Censys tracked OpenClaw's public exposure growing from 1,000 to 21,000 instances in six days during late January. Security researcher Maor Dayan found 42,665 exposed instances, 5,194 actively verified as vulnerable. 93.4 percent had authentication bypass conditions.

These aren't hobby projects. Astrix Security found employees at multiple companies had deployed OpenClaw on corporate endpoints with configs granting remote access to Salesforce, GitHub, and Slack. Research by Thebiggish found 22 percent of enterprise OpenClaw instances were unauthorised shadow deployments by individual employees. Over half had privileged access to internal systems.

Meta banned OpenClaw from corporate networks. Cisco's analysis of a single popular skill, "What Would Elon Do?," found nine vulnerabilities: two critical, five high, including silent data exfiltration via curl commands.

Infostealers targeting AI agent "souls"

On February 13, researchers disclosed that Vidar infostealer had been updated to specifically target OpenClaw's .openclaw/ directory, exfiltrating not just browser passwords but the agent's entire identity: API keys, memory files, personality config, gateway tokens.

With that data, an attacker doesn't just access your accounts. They become your agent, with every permission, every memory, every tool connection intact. Researchers called it "a significant milestone: the transition from stealing browser credentials to harvesting the souls and identities of personal AI agents."

The 90-day timeline

• November 2025: Steinberger pushes weekend project to GitHub
• January 2026: 135,000 stars, 2M docs visitors in one week, ClawHub launches with 2,857 skills
• Late January: 21,000 exposed instances, 341 malicious skills discovered, CVE-2026-25253 disclosed
• February 2: CNBC profiles OpenClaw as "the AI agent generating buzz and fear globally"
• February 13: First infostealer confirmed stealing agent configs
• February 15: Sam Altman announces Steinberger joining OpenAI, OpenClaw moves to independent foundation
• February 16: 1,184 malicious skills confirmed, Meta bans OpenClaw from corporate networks

Ninety days from first commit to OpenAI acquihire.
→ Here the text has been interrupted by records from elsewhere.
Lemma fpowE (a : F) k : fpow a k = a ^+ k.
Proof. by elim: k => [//|k IH]; rewrite exprS /= IH. Qed.
Lemma fmulE (a b : F) : fmul a b = a * b. Proof. by []. Qed.
Lemma faddE (a b : F) : fadd a b = a + b. Proof. by []. Qed.
Lemma foneE : fone R = 1. Proof. by []. Qed.

Lemma fcoefD (a b : F) n : (a + b) n = a n + b n. Proof. by []. Qed.
Lemma fcoefN (a : F) n : (- a) n = - a n. Proof. by []. Qed.
Lemma fcoefB (a b : F) n : (a - b) n = a n - b n. Proof. by []. Qed.
Lemma fcoef1 n : (1 : F) n = (n == 0%N)%:R. Proof. by []. Qed.
Lemma fcoefM (a b : F) n : (a * b) n = \sum_(i < n.+1) a i * b (n - i)%N.
Proof. by []. Qed.
Lemma fcoef_sum I (r : seq I) (P : pred I) (f : I -> F) n :
  (\sum_(i <- r | P i) f i) n = \sum_(i <- r | P i) f i n.
Proof. by elim/big_rec2: _ => // i y1 y2 _ <-. Qed.
Lemma fcoefMn (a : F) k n : (a *+ k) n = a n *+ k.
Proof. by elim: k => [|k IH]; rewrite ?mulr0n // !mulrS fcoefD IH. Qed.

Lemma fcoefcM r (a : F) n : (fcst r * a) n = r * a n.
Proof.
by rewrite fcoefM big_ord_recl subn0 big1 ?addr0 // => i _; rewrite mul0r.
Qed.
Lemma fscaleE r (a : F) : fscale r a = fcst r * a.
Proof. by apply: funext => n; rewrite fcoefcM. Qed.

Lemma fcstM r s : fcst (r * s) = fcst r * fcst s.
Proof. by apply: funext => n; rewrite fcoefcM; case: n => //= _; rewrite mulr0. Qed.
Lemma fcstD r s : fcst (r + s) = fcst r + fcst s.
Proof. by apply: funext => n; rewrite fcoefD; case: n => //= _; rewrite addr0. Qed.
Lemma fcstN r : fcst (- r) = - fcst r.
Proof. by apply: funext => n; rewrite fcoefN; case: n => //= _; rewrite oppr0. Qed.
Lemma fcst1 : fcst 1 = 1. Proof. by apply: funext => -[]. Qed.
Lemma fcst0 : fcst 0 = 0. Proof. by apply: funext => -[]. Qed.
Lemma fcstMn r k : fcst (r *+ k) = fcst r *+ k.
Proof. by elim: k => [|k IH]; rewrite ?mulr0n ?fcst0 // !mulrS fcstD IH. Qed.
Lemma fcstn k : fcst k%:R = k%:R.
Proof. by rewrite fcstMn fcst1. Qed.
Lemma fcst_sum I (r : seq I) (P : pred I) (f : I -> R) :
  fcst (\sum_(i <- r | P i) f i) = \sum_(i <- r | P i) fcst (f i).
Proof. by elim/big_rec2: _ => [|i y1 y2 _ <-]; rewrite ?fcst0 ?fcstD. Qed.

Lemma fcoef0M (a b : F) : (a * b) 0%N = a 0%N * b 0%N.
Proof. by rewrite fcoefM big_ord1. Qed.
Lemma fcoef0X (a : F) k : (a ^+ k) 0%N = a 0%N ^+ k.
Proof. by elim: k => [|k IH]; rewrite ?expr0 // !exprS fcoef0M IH. Qed.

Lemma fcoefXM0 (a : F) : (X * a) 0%N = 0.
Proof. by rewrite fcoef0M mul0r. Qed.
Lemma fcoefXMS (a : F) n : (X * a) n.+1 = a n.
Proof.
rewrite fcoefM big_ord_recl mul0r add0r big_ord_recl subSS subn0 mul1r.
by rewrite big1 ?addr0 // => i _; rewrite mul0r.
Qed.
Lemma fcoefXnM (a : F) k n :
  (X ^+ k * a) n = if (k <= n)%N then a (n - k)%N else 0.
Proof.
elim: k n => [|k IH] n; first by rewrite expr0 mul1r subn0.
rewrite exprS -mulrA; case: n => [|n]; first by rewrite fcoefXM0.
by rewrite fcoefXMS IH ltnS subSS.
Qed.

Lemma fcoefX_lt (a : F) k i : a 0%N = 0 -> (i < k)%N -> (a ^+ k) i = 0.
Proof.
move=> a0; elim: k i => [//|k IH] i hi.
rewrite exprS fcoefM big1 // => -[[|j] hj] _ /=; first by rewrite a0 mul0r.
by rewrite IH ?mulr0 //; lia.
Qed.

Lemma fcoefM_lt (u c : F) m i :
  (forall j, (j < m)%N -> c j = 0) -> (i < m)%N -> (u * c) i = 0.
Proof.
move=> hc hi; rewrite fcoefM big1 // => j _; rewrite hc ?mulr0 //.
exact: leq_ltn_trans (leq_subr _ _) hi.
Qed.

Lemma agreeM n (a a' b b' : F) :
  agree n a a' -> agree n b b' -> agree n (a * b) (a' * b').
Proof.
move=> ha hb i hi; rewrite !fcoefM; apply: eq_bigr => -[j hj] _ /=.
rewrite ha ?hb //; last by rewrite -ltnS (leq_trans hj).
exact: leq_trans (leq_subr _ _) hi.
Qed.

Lemma agree_funext (a b : F) : (forall n, agree n a b) -> a = b.
Proof. by move=> h; apply: funext => n; apply: (h n). Qed.

(* The truncation of a at degree n, as a polynomial with constant-series
   coefficients: evaluating it at c approximates a(c(t)) up to degree n. *)
Definition cst_trunc n (a : F) : {poly F} := \poly_(i < n.+1) fcst (a i).

Lemma horner_cst_trunc n a (c : F) :
  (cst_trunc n a).[c] = \sum_(i < n.+1) fcst (a i) * c ^+ i.
Proof.
rewrite (@horner_coef_wide _ n.+1); last exact: size_poly.
by apply: eq_bigr => i _; rewrite coef_poly ltn_ord.
Qed.

Lemma agree_comp (a c : F) n :
  c 0%N = 0 -> agree n (fcomp a c) (cst_trunc n a).[c].
Proof.
move=> c0 i hi; rewrite horner_cst_trunc fcoef_sum /fcomp.
rewrite (big_ord_widen n.+1 (fun k => a k * fpow c k i)) // big_mkcond /=.
apply: eq_bigr => -[k hk] _ /=; rewrite fcoefcM fpowE.
by case: ifP => // /negbT; rewrite -leqNgt => hik; rewrite fcoefX_lt ?mulr0.
Qed.

Lemma agree_horner (P Q : {poly F}) (c : F) n : c 0%N = 0 ->
  (forall k, (k <= n)%N -> P`_k = Q`_k) -> agree n P.[c] Q.[c].
Proof.
move=> c0 hPQ i hi; apply/eqP; rewrite -subr_eq0 -fcoefB -hornerN -hornerD.
rewrite horner_coef fcoef_sum; apply/eqP/big1 => -[k hk] _ /=.
have [hkn|hnk] := leqP k n; first by rewrite coefB hPQ // subrr mul0r.
by rewrite (@fcoefM_lt _ _ k) ?(leq_ltn_trans hi) // => j; apply: fcoefX_lt.
Qed.

Lemma fcomp0 (a c : F) : fcomp a c 0%N = a 0%N.
Proof. by rewrite /fcomp big_ord1 /= mulr1. Qed.

Lemma fcompD (a b c : F) : fcomp (a + b) c = fcomp a c + fcomp b c.
Proof.
apply: funext => n; rewrite fcoefD /fcomp -big_split /=.
by apply: eq_bigr => i _; rewrite fcoefD mulrDl.
Qed.

Lemma fcomp_cst r (c : F) : fcomp (fcst r) c = fcst r.
Proof.
apply: funext => n; rewrite /fcomp big_ord_recl big1 => [|i _]; last by rewrite mul0r.
by case: n => [|n] /=; rewrite ?mulr1 ?mulr0 addr0.
Qed.

Lemma fcomp1 (c : F) : fcomp 1 c = 1.
Proof. by rewrite -fcst1 fcomp_cst. Qed.

Lemma fcompX (c : F) : c 0%N = 0 -> fcomp X c = c.
Proof.
move=> c0; apply: funext => n; rewrite /fcomp big_ord_recl /= mul0r add0r.
case: n => [|n]; first by rewrite big_ord0 c0.
rewrite big_ord_recl /= mul1r big1 => [|i _]; last by rewrite mul0r.
by rewrite addr0 fmulE foneE mulr1.
Qed.

Lemma fcompM (a b c : F) : c 0%N = 0 -> fcomp (a * b) c = fcomp a c * fcomp b c.
Proof.
move=> c0; apply: agree_funext => n i hi.
rewrite (agree_comp (a * b) c0 hi).
rewrite (agreeM (agree_comp a c0) (agree_comp b c0) hi).
rewrite -hornerM; apply: (agree_horner c0 _ hi) => k hk.
rewrite coefM coef_poly ltnS hk fcoefM fcst_sum; apply: eq_bigr => -[j hj] _ /=.
have hj' : (j < n.+1)%N by lia.
have hkj : (k - j < n.+1)%N by lia.
by rewrite !coef_poly hj' hkj fcstM.
Qed.

Lemma fcompXn (a c : F) k : c 0%N = 0 -> fcomp (a ^+ k) c = fcomp a c ^+ k.
Proof.
by move=> c0; elim: k => [|k IH]; rewrite ?expr0 ?fcomp1 // !exprS fcompM // IH.
Qed.
End Composition.

Section Derivative.
Variable R : fieldType.
Local Notation F := (fps R).
Local Notation X := (fX R).

Definition fderiv (a : F) : F := fun n => a n.+1 *+ n.+1.

Lemma fderiv_coef (a : F) n : fderiv a n = a n.+1 *+ n.+1. Proof. by []. Qed.

Lemma fderivD (a b : F) : fderiv (a + b) = fderiv a + fderiv b.
Proof. by apply: funext => n; rewrite /fderiv !fcoefD mulrnDl. Qed.
Lemma fderivN (a : F) : fderiv (- a) = - fderiv a.
Proof. by apply: funext => n; rewrite /fderiv !fcoefN mulNrn. Qed.
Lemma fderivB (a b : F) : fderiv (a - b) = fderiv a - fderiv b.
Proof. by rewrite fderivD fderivN. Qed.
Lemma fderiv0 : fderiv 0 = 0.
Proof. by apply: funext => n; rewrite /fderiv mul0rn. Qed.
Lemma fderiv_cst (r : R) : fderiv (fcst r) = 0.
Proof. by apply: funext => n; rewrite /fderiv mul0rn. Qed.
Lemma fderiv1 : fderiv 1 = 0.
Proof. by rewrite -fcst1 fderiv_cst. Qed.
Lemma fderivX : fderiv X = 1.
Proof. by apply: funext => -[|n]; rewrite /fderiv /= ?mulr1n ?mul0rn. Qed.
Lemma fderiv_sum I (r : seq I) (P : pred I) (f : I -> F) :
  fderiv (\sum_(i <- r | P i) f i) = \sum_(i <- r | P i) fderiv (f i).
Proof. by elim/big_rec2: _ => [|i y1 y2 _ <-]; rewrite ?fderiv0 ?fderivD. Qed.

(* Leibniz rule, transported from the derivative of polynomials. *)
Lemma fderivM (a b : F) : fderiv (a * b) = fderiv a * b + a * fderiv b.
Proof.
apply: funext => n; rewrite fcoefD /fderiv -!fmulE.
set p := ftrunc n.+1 a; set q := ftrunc n.+1 b.
have hp i : (i <= n.+1)%N -> p`_i = a i by move=> hi; rewrite ftrunc_coef.
have hq i : (i <= n.+1)%N -> q`_i = b i by move=> hi; rewrite ftrunc_coef.
have hpn i : (i <= n)%N -> p`_i = a i by move=> hi; rewrite hp // (leq_trans hi).
have hqn i : (i <= n)%N -> q`_i = b i by move=> hi; rewrite hq // (leq_trans hi).
rewrite (fmul_coef_poly hp hq) -coef_deriv derivM coefD.
rewrite (@fmul_coef_poly _ n _ _ p^`() q) ?(@fmul_coef_poly _ n _ _ p q^`()) //.
  by move=> i hi; rewrite coef_deriv hq.
by move=> i hi; rewrite coef_deriv hp.
Qed.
In between: the largest AI agent supply chain attack ever documented.

Why this matters

OpenClaw isn't a failure. It's a preview.

Every AI agent framework will face exactly this: a public marketplace for extensions, a trust model that assumes good faith, and adoption that outpaces security review by months.

ClawHub is the new npm. Skills are the new packages. Except this time the packages can read your SSH keys and send your Slack messages.

Steinberger built something devs wanted so badly they deployed 42,000 instances in weeks without reading security advisories. OpenAI bought that trajectory. The foundation will maintain the open-source project.

But the lesson isn't about one dev or one vulnerability. The lesson is that the AI agent ecosystem is growing exactly like the JavaScript ecosystem grew: fast, open, optimistically insecure. Except now the supply chain attacks have filesystem access.

The clock started in November. The first major attack arrived in January. Two months from "this is exciting" to "this is compromised."

For whatever AI agent framework ships next, that window will be shorter.